The buy and hold investor would have all their capital locked up for the full 20 years, whilst experiencing all the drawdowns. The opportunity cost absorbed by the buy and hold investor is huge, whereas a trader applying this approach would have a spare 13.6 years to invest in other opportunities.
Next we get to the interesting part where we can really accelerate the returns, but first lets quickly summarise the comparison of buy and hold and the unleveraged dual mack dee approach for the past twenty years.
First we have buy and hold. This approach required the investor to buy shares in
Berkshire Hathaway and hold for the full twenty years, this gave a compounded annual return of 35.1%, a decent return but they would have endured numerous large drawdowns up to 56%.
The dual mack dee approach gave a comparable 35.2% annualised returns, with a considerably less drawdown of 6.8%.
Now we look at the more advanced approach which is dual mack dee and leverage.
The buy and hold investor would be wise not to use leverage, purely because they have no risk management, they allow for any drawdowns along the way. If for example this investor chose to use a leverage of 2 to 1, they would double the return to 70.2%, however they would also double the drawdown to 112%, meaning they would lose all their investment.
Our dual mack dee approach however incorporates risk management, keeping us out of major drawdowns. With this in mind, we could potentially use an 8 to 1 leverage ratio, meaning the maximum drawdown of 6.8% could be multiplied by 8 for a total drawdown of 54.4%, comparable to the buy and hold investor. We now also multiply the 35.2% return by 8, giving an annualised compounded return of 281%.
Can you see how by controlling the downside we can enhance the upside…
Now, I’m not advocating you use an 8 to1 leverage, but it emphasises what can be achieved.

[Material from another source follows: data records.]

Section Dot.
Variables (R : realType) (m : nat).
Implicit Types (x y w u : 'cV[R]_m) (A : 'M[R]_m).

Definition psdmx A := forall u, 0 <= mf_dot u (A *m u).

Lemma dotE x y : mf_dot x y = (x^T *m y) 0 0.
Proof. by rewrite /mf_dot mxE; apply: eq_bigr => i _; rewrite mxE. Qed.

Lemma dotC x y : mf_dot x y = mf_dot y x.
Proof. by rewrite /mf_dot; apply: eq_bigr => i _; rewrite mulrC. Qed.

Lemma dotDl x y w : mf_dot (x + y) w = mf_dot x w + mf_dot y w.
Proof. by rewrite /mf_dot -big_split; apply: eq_bigr => i _; rewrite !mxE mulrDl. Qed.

Lemma dotZl a x w : mf_dot (a *: x) w = a * mf_dot x w.
Proof. by rewrite /mf_dot mulr_sumr; apply: eq_bigr => i _; rewrite !mxE mulrA. Qed.

Lemma dotNl x w : mf_dot (- x) w = - mf_dot x w.
Proof. by rewrite -scaleN1r dotZl mulN1r. Qed.

Lemma dotBl x y w : mf_dot (x - y) w = mf_dot x w - mf_dot y w.
Proof. by rewrite dotDl dotNl. Qed.

Lemma dotDr x y w : mf_dot w (x + y) = mf_dot w x + mf_dot w y.
Proof. by rewrite dotC dotDl !(dotC w). Qed.

Lemma dotZr a x w : mf_dot w (a *: x) = a * mf_dot w x.
Proof. by rewrite dotC dotZl dotC. Qed.

Lemma dotBr x y w : mf_dot w (x - y) = mf_dot w x - mf_dot w y.
Proof. by rewrite dotC dotBl !(dotC w). Qed.

Lemma dot0r w : mf_dot w 0 = 0.
Proof. by rewrite -(scale0r 0) dotZr mul0r. Qed.

Lemma dot_sumr w (I : Type) (r : seq I) (P : pred I) (F : I -> 'cV[R]_m) :
  mf_dot w (\sum_(i <- r | P i) F i) = \sum_(i <- r | P i) mf_dot w (F i).
Proof. exact: (big_morph (mf_dot w) (fun x y => dotDr x y w) (dot0r w)). Qed.

Lemma dot_mulmx A x y : mf_dot (A *m x) y = mf_dot x (A^T *m y).
Proof. by rewrite !dotE trmx_mul mulmxA. Qed.

Lemma dotxx_ge0 x : 0 <= mf_dot x x.
Proof. by apply: sumr_ge0 => i _; rewrite -expr2 sqr_ge0. Qed.

Lemma dotxx_eq0 x : (mf_dot x x == 0) = (x == 0).
Proof.
apply/idP/eqP => [|->]; last by rewrite dot0r.
rewrite psumr_eq0 => [/allP x0|i _]; last by rewrite -expr2 sqr_ge0.
apply/matrixP => i j; rewrite (ord1 j) mxE.
by have /implyP/(_ isT) := x0 i (mem_index_enum i); rewrite mulf_eq0 orbb => /eqP.
Qed.

Lemma enorm_ge0 x : 0 <= enorm x.
Proof. exact: sqrtr_ge0. Qed.

Lemma enorm_sqr x : enorm x ^+ 2 = mf_dot x x.
Proof. by rewrite sqr_sqrtr // dotxx_ge0. Qed.

Lemma enorm_eq0 x : (enorm x == 0) = (x == 0).
Proof. by rewrite -sqrf_eq0 enorm_sqr dotxx_eq0. Qed.

Lemma enormN x : enorm (- x) = enorm x.
Proof. by rewrite /enorm dotNl dotC dotNl opprK. Qed.

Lemma enormB x y : enorm (x - y) = enorm (y - x).
Proof. by rewrite -enormN opprB. Qed.

Lemma psd_cauchy_schwarz A x y : A^T = A -> psdmx A ->
  mf_dot x (A *m y) ^+ 2 <= mf_dot x (A *m x) * mf_dot y (A *m y).
Proof.
move=> A_sym A_psd; apply: quadratic_ge0_discr => // t.
have := A_psd (x + t *: y).
have xAy : mf_dot y (A *m x) = mf_dot x (A *m y) by rewrite dotC dot_mulmx A_sym.
rewrite mulmxDr -scalemxAr !(dotDl, dotDr, dotZl, dotZr) xAy; lra.
Qed.

Lemma dot_le_enorm x y : mf_dot x y <= enorm x * enorm y.
Proof.
have id_psd : psdmx 1%:M by move=> u; rewrite mul1mx dotxx_ge0.
have := psd_cauchy_schwarz x y (tr_scalar_mx _ 1) id_psd; rewrite !mul1mx => CS.
apply: le_trans (ler_norm _) _.
by rewrite -sqrtr_sqr /enorm -sqrtrM ?dotxx_ge0 // ler_sqrt // mulr_ge0 ?dotxx_ge0.
Qed.

Lemma enormD x y : enorm (x + y) <= enorm x + enorm y.
Proof.
rewrite -(ler_pXn2r (n := 2)) ?nnegrE ?addr_ge0 ?enorm_ge0 //.
rewrite enorm_sqr !(dotDl, dotDr) (dotC y x) sqrrD -!enorm_sqr.
have := dot_le_enorm x y; lra.
Qed.

Lemma enorm_le_l1 x : enorm x <= \sum_i `|x i 0|.
Proof.
suff [] : mf_dot x x <= (\sum_i `|x i 0|) ^+ 2 /\ 0 <= \sum_i `|x i 0|.
  by move=> le s_ge0; rewrite -(ler_pXn2r (n := 2)) ?nnegrE ?enorm_ge0 // enorm_sqr.
rewrite /mf_dot; elim/big_rec2: _ => [|i s t _ [IH s_ge0]]; first by rewrite expr0n.
rewrite -[x i 0 * x i 0]expr2 -real_normK ?num_real // addr_ge0 //.
by split => //; have := normr_ge0 (x i 0); nra.
Qed.

End Dot.

Section SupInf.
Variable R : realType.
Implicit Types (S : set R) (r : R).

Lemma sup_eq_max S r : S r -> ubound S r -> sup S = r.
Proof.
move=> Sr r_ub; apply/le_anti/andP; split; first by apply: ge_sup r_ub; exists r.
by apply: ub_le_sup Sr; exists r.
Qed.

Lemma inf_eq_min S r : S r -> lbound S r -> inf S = r.
Proof.
move=> Sr r_lb; apply/le_anti/andP; split; last by apply: lb_le_inf r_lb; exists r.
by apply: ge_inf Sr; exists r.
Qed.

Lemma sup_ge0 S : lbound S 0 -> 0 <= sup S.
Proof.
move=> S_ge0; have [S_sup|/sup_out ->//] := pselect (has_sup S).
have [[s Ss] _] := S_sup; exact: le_trans (S_ge0 _ Ss) (sup_upper_bound S_sup Ss).
Qed.

Lemma inf_ge0 S : lbound S 0 -> 0 <= inf S.
Proof.
by move=> S_ge0; have [->|/set0P S_neq0] := eqVneq S set0; [rewrite inf0 | exact: lb_le_inf].
Qed.

End SupInf.

Lemma argmax_seq (R : realDomainType) (T : eqType) (s : seq T) (F : T -> R) :
  s != [::] -> exists2 t, t \in s & forall u, u \in s -> F u <= F t.
Proof.
elim: s => [//|a [|b s] IH] _.
  by exists a; rewrite ?mem_head // => u; rewrite inE => /eqP ->.
have [t ts t_max] := IH isT.
have [Fat|Fta] := lerP (F a) (F t).
  by exists t => [|u]; rewrite inE ?ts ?orbT // => /predU1P [->|/t_max].
exists a => [|u]; first exact: mem_head.
by rewrite inE => /predU1P [->//|/t_max/le_trans]; apply; apply: ltW.
Qed.

Lemma sup_mul_le (R : realType) (S : set R) (a b : R) : 0 <= a -> 0 <= b ->
  (forall s, S s -> s * a <= b) -> sup S * a <= b.
Proof.
move=> a_ge0 b_ge0 S_le; have [->|a_neq0] := eqVneq a 0; first by rewrite mulr0.
have a_gt0 : 0 < a by rewrite lt_def a_neq0.
rewrite -ler_pdivlMr //; have [->|/set0P S_neq0] := eqVneq S set0.
  by rewrite sup0 divr_ge0.
by apply: ge_sup S_neq0 _ => s Ss; rewrite ler_pdivlMr ?S_le.
Qed.

Section Rayleigh.
Variables (R : realType) (d : nat).
Implicit Types (A M N : 'M[R]_d) (u v w : 'cV[R]_d).

Definition abs_summx A : R := \sum_j \sum_k `|A j k|.

Lemma abs_summx_ge0 A : 0 <= abs_summx A.
Proof. by apply: sumr_ge0 => j _; apply: sumr_ge0. Qed.

Lemma dot_mulmx_le A u : mf_dot u (A *m u) <= abs_summx A * mf_dot u u.
Proof.
rewrite /abs_summx mulr_suml /mf_dot; apply: ler_sum => j _.
rewrite mxE mulr_sumr mulr_suml; apply: ler_sum => k _.
have coord_le i : `|u i 0| ^+ 2 <= \sum_l u l 0 * u l 0.
  rewrite real_normK ?num_real // (bigD1 i) //= expr2 lerDl.
  by apply: sumr_ge0 => l _; rewrite -expr2 sqr_ge0.
apply: le_trans (ler_norm _) _; rewrite mulrCA normrM ler_wpM2l // normrM.
have := coord_le j; have := coord_le k; have := normr_ge0 (u j 0); have := normr_ge0 (u k 0).
nra.
Qed.

Lemma unitmx_dot_ge N : N \in unitmx ->
  exists2 K, 0 <= K & forall w, mf_dot w w <= K * mf_dot (N *m w) (N *m w).
Proof.
move=> N_unit; exists (abs_summx ((invmx N)^T *m invmx N)) => [|w].
  exact: abs_summx_ge0.
have wE : w = invmx N *m (N *m w) by rewrite mulKmx.
have := dot_mulmx_le ((invmx N)^T *m invmx N) (N *m w).
by rewrite -mulmxA -dot_mulmx -wE.
Qed.

Lemma psd_sq_le N u : N^T = N -> psdmx N ->
  mf_dot (N *m u) (N *m u) <= abs_summx N * mf_dot u (N *m u).
Proof.
move=> N_sym N_psd; have := psd_cauchy_schwarz u (N *m u) N_sym N_psd.
rewrite -{1}[N in N *m (N *m u)]N_sym -dot_mulmx.
have := dot_mulmx_le N (N *m u); have := abs_summx_ge0 N.
have := N_psd u; have := dotxx_ge0 (N *m u).
set s := mf_dot (N *m u) _; set q := mf_dot u _; set p := mf_dot _ (N *m (N *m u)).
move=> s_ge0 q_ge0 K_ge0 p_le CS.
have : s * s <= abs_summx N * q * s.
  by rewrite -expr2 (le_trans CS) // -mulrA mulrCA ler_wpM2l.
have [->|s_neq0] := eqVneq s 0; first by rewrite mulr_ge0.
by rewrite ler_pM2r // lt_def s_neq0 s_ge0.
Qed.

Lemma psd_unitmx_rayleigh_gt0 N : N^T = N -> psdmx N -> N \in unitmx ->
  exists2 e, 0 < e & forall u, mf_dot u u = 1 -> e <= mf_dot u (N *m u).
Proof.
move=> N_sym N_psd /unitmx_dot_ge [K K_ge0 N_inj].
have L_gt0 : 0 < K * abs_summx N + 1 by rewrite ltr_pwDr ?mulr_ge0 ?abs_summx_ge0.
exists (K * abs_summx N + 1)^-1 => [|u u1]; first by rewrite invr_gt0.
rewrite -(ler_pM2l L_gt0) mulrV ?unitfE ?gt_eqF //.
have := N_inj u; have := psd_sq_le u N_sym N_psd; have := N_psd u; have := abs_summx_ge0 N.
by rewrite u1; nra.
Qed.

Section RayleighInf.
Variable M : 'M[R]_d.
Hypotheses (M_sym : M^T = M) (M_psd : psdmx M).

Definition rayleigh_inf : R :=
  inf [set mf_dot u (M *m u) | u in [set u | mf_dot u u = 1]].

Lemma rayleigh_inf_ge0 : 0 <= rayleigh_inf.
Proof. by apply: inf_ge0 => _ [u _ <-]. Qed.

Lemma rayleigh_inf_le u : rayleigh_inf * mf_dot u u <= mf_dot u (M *m u).
Proof.
have [->|u_neq0] := eqVneq u 0; first by rewrite dot0r mulr0 mulmx0 dot0r.
have n_gt0 : 0 < enorm u by rewrite lt_def enorm_eq0 u_neq0 enorm_ge0.
rewrite -enorm_sqr -ler_pdivlMr ?exprn_gt0 //.
apply: ge_inf; first by exists 0 => _ [v _ <-].
exists ((enorm u)^-1 *: u); rewrite /= -?scalemxAr !(dotZl, dotZr) -?enorm_sqr.
  by field; rewrite gt_eqF.
by rewrite mulrA -expr2 exprVn mulrC.
Qed.

Hypothesis d_gt0 : (0 < d)%N.

Lemma det_sub_rayleigh_inf : \det (M - rayleigh_inf%:M) = 0.
Proof.
set c := rayleigh_inf; set N := M - c%:M.
have N_sym : N^T = N by rewrite /N linearB /= M_sym tr_scalar_mx.
have qN u : mf_dot u (N *m u) = mf_dot u (M *m u) - c * mf_dot u u.
  by rewrite /N mulmxBl dotBr mul_scalar_mx dotZr.
have N_psd : psdmx N by move=> u; rewrite qN subr_ge0 rayleigh_inf_le.
apply/eqP; apply: contraT; rewrite -unitfE -unitmxE.
move=> /(psd_unitmx_rayleigh_gt0 N_sym N_psd) [e e_gt0 N_ge].
suff : c + e <= c by rewrite gerDl leNgt e_gt0.
apply: lb_le_inf => [|_ [u /= u1 <-]].
  pose e1 : 'cV[R]_d := delta_mx (Ordinal d_gt0) 0.
  exists (mf_dot e1 (M *m e1)), e1 => //=.
  by rewrite dotE trmx_delta mul_delta_mx mxE !eqxx.
by have := N_ge u u1; rewrite qN u1 mulr1; lra.
Qed.

Lemma eigenvalue_rayleigh_inf : eigenvalue M rayleigh_inf.
Proof.
have /eqP/det0P [v v_neq0 vN] := det_sub_rayleigh_inf.
apply/eigenvalueP; exists v => //.
by move: vN; rewrite mulmxBr mul_mx_scalar => /eqP; rewrite subr_eq0 => /eqP.
Qed.

Lemma lambda_min_rayleigh_inf : lambda_min M = rayleigh_inf.
Proof.
apply: inf_eq_min => [|a /eigenvalueP [w wM w_neq0]]; first exact: eigenvalue_rayleigh_inf.
have Mu : M *m w^T = a *: w^T by rewrite -[M]M_sym -trmx_mul wM linearZ.
have := rayleigh_inf_le w^T; rewrite Mu dotZr ler_pM2r // lt_def dotxx_ge0 andbT.
by rewrite dotxx_eq0 -trmx0 (inj_eq trmx_inj).
Qed.

Lemma lambda_min_ge0 : 0 <= lambda_min M.
Proof. by rewrite lambda_min_rayleigh_inf rayleigh_inf_ge0. Qed.

Lemma lambda_min_le u : lambda_min M * mf_dot u u <= mf_dot u (M *m u).
Proof. by rewrite lambda_min_rayleigh_inf rayleigh_inf_le. Qed.

End RayleighInf.
End Rayleigh.

Section FrameOperator.
Variables (R : realType) (d : nat) (I : finType) (P : pred I) (v : I -> 'cV[R]_d).

Definition frame_mx : 'M[R]_d := \sum_(i | P i) v i *m (v i)^T.

Lemma frame_mx_sym : frame_mx^T = frame_mx.
Proof. by rewrite linear_sum; apply: eq_bigr => i _; rewrite /= trmx_mul trmxK. Qed.

Lemma dot_frame_mx u : mf_dot u (frame_mx *m u) = \sum_(i | P i) mf_dot (v i) u ^+ 2.
Proof.
rewrite mulmx_suml dot_sumr; apply: eq_bigr => i _.
by rewrite -mulmxA [(v i)^T *m u]mx11_scalar mul_mx_scalar dotZr -dotE dotC expr2.
Qed.

Lemma frame_mx_psd : psdmx frame_mx.
Proof. by move=> u; rewrite dot_frame_mx; apply: sumr_ge0 => i _; apply: sqr_ge0. Qed.

Hypothesis d_gt0 : (0 < d)%N.

Lemma lambda_min_frame_mx_ge0 : 0 <= lambda_min frame_mx.
Proof. exact: lambda_min_ge0 frame_mx_sym frame_mx_psd d_gt0. Qed.

Lemma lambda_min_frame_mx_le u :
  lambda_min frame_mx * mf_dot u u <= \sum_(i | P i) mf_dot (v i) u ^+ 2.
Proof. by rewrite -dot_frame_mx; apply: lambda_min_le frame_mx_sym frame_mx_psd d_gt0 u. Qed.

End FrameOperator.

Section Orbits.
Variables (R : realType) (d : nat) (G : seq 'M[R]_d).
Hypothesis G_orth : finite_orth_group G.
Implicit Types (g h k : 'M[R]_d) (x y z p q v w : 'cV[R]_d).

Lemma orthG1 : 1%:M \in G. Proof. by case: G_orth. Qed.
Lemma orthGM g h : g \in G -> h \in G -> g *m h \in G.
Proof. by case: G_orth => _ + _ _; apply. Qed.
Lemma orthGT g : g \in G -> g^T \in G. Proof. by case: G_orth => _ _ + _; apply. Qed.
Lemma orthGK g : g \in G -> g^T *m g = 1%:M. Proof. by case: G_orth => _ _ _; apply. Qed.

Lemma G_neq_nil : G != [::].
Proof. by apply: contraTneq orthG1 => ->. Qed.

Lemma dot_orthG g x y : g \in G -> mf_dot (g *m x) (g *m y) = mf_dot x y.
Proof. by move=> gG; rewrite dot_mulmx mulmxA orthGK // mul1mx. Qed.

Lemma enorm_orthG g x : g \in G -> enorm (g *m x) = enorm x.
Proof. by move=> gG; rewrite /enorm dot_orthG. Qed.

Lemma gorbit_refl x : gorbit G x x.
Proof. by exists 1%:M; rewrite ?mul1mx ?orthG1. Qed.

Lemma gorbitM g x p : g \in G -> gorbit G x p -> gorbit G x (g *m p).
Proof. by move=> gG [h hG ->]; exists (g *m h); rewrite ?orthGM ?mulmxA. Qed.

Personally, I use no more than 16% of account equity on any position and no more than a 2.5 to 1 leverage ratio. Therefore in this example I would be willing to allow a drawdown of 17%, but expect an annualised return of 88%, again a huge improvement on the buy and hold approach.
The principle of limiting drawdown and staying with the trend is something I apply to all my strategies, but to really visualise the concept lets again look at the last 20 years of Berkshire Hathaway, and the trading windows identified by the monthly mack dee indicator.
We know the buy and hold investors encounter large drawdowns, and we know they lock their capital up for the full 20 years, but lets now see what our trading window looks like when we take out the 13.6 years of either declining or flatlining periods.
We are now left with a shorter inclining chart, of which within this window we are invested for 6.4 years, aligned to the weekly mack dee. Our cash is put to work only when the macro trends are increasing. The remaining 13.6 years was an opportunity cost which the buy and hold investor absorbed, we on the other hand could again put our money to work in other trending opportunities.
So lets recap the approach, not only do we have the best investors selecting the individual stocks which have shown to outperform, but by using the dual mack dee, we decide when to get in and when to get out, minimising drawdown and lack lustre periods, whilst being able to apply optimum money management to enhance returns.
Simple but a potentially huge wealth generator.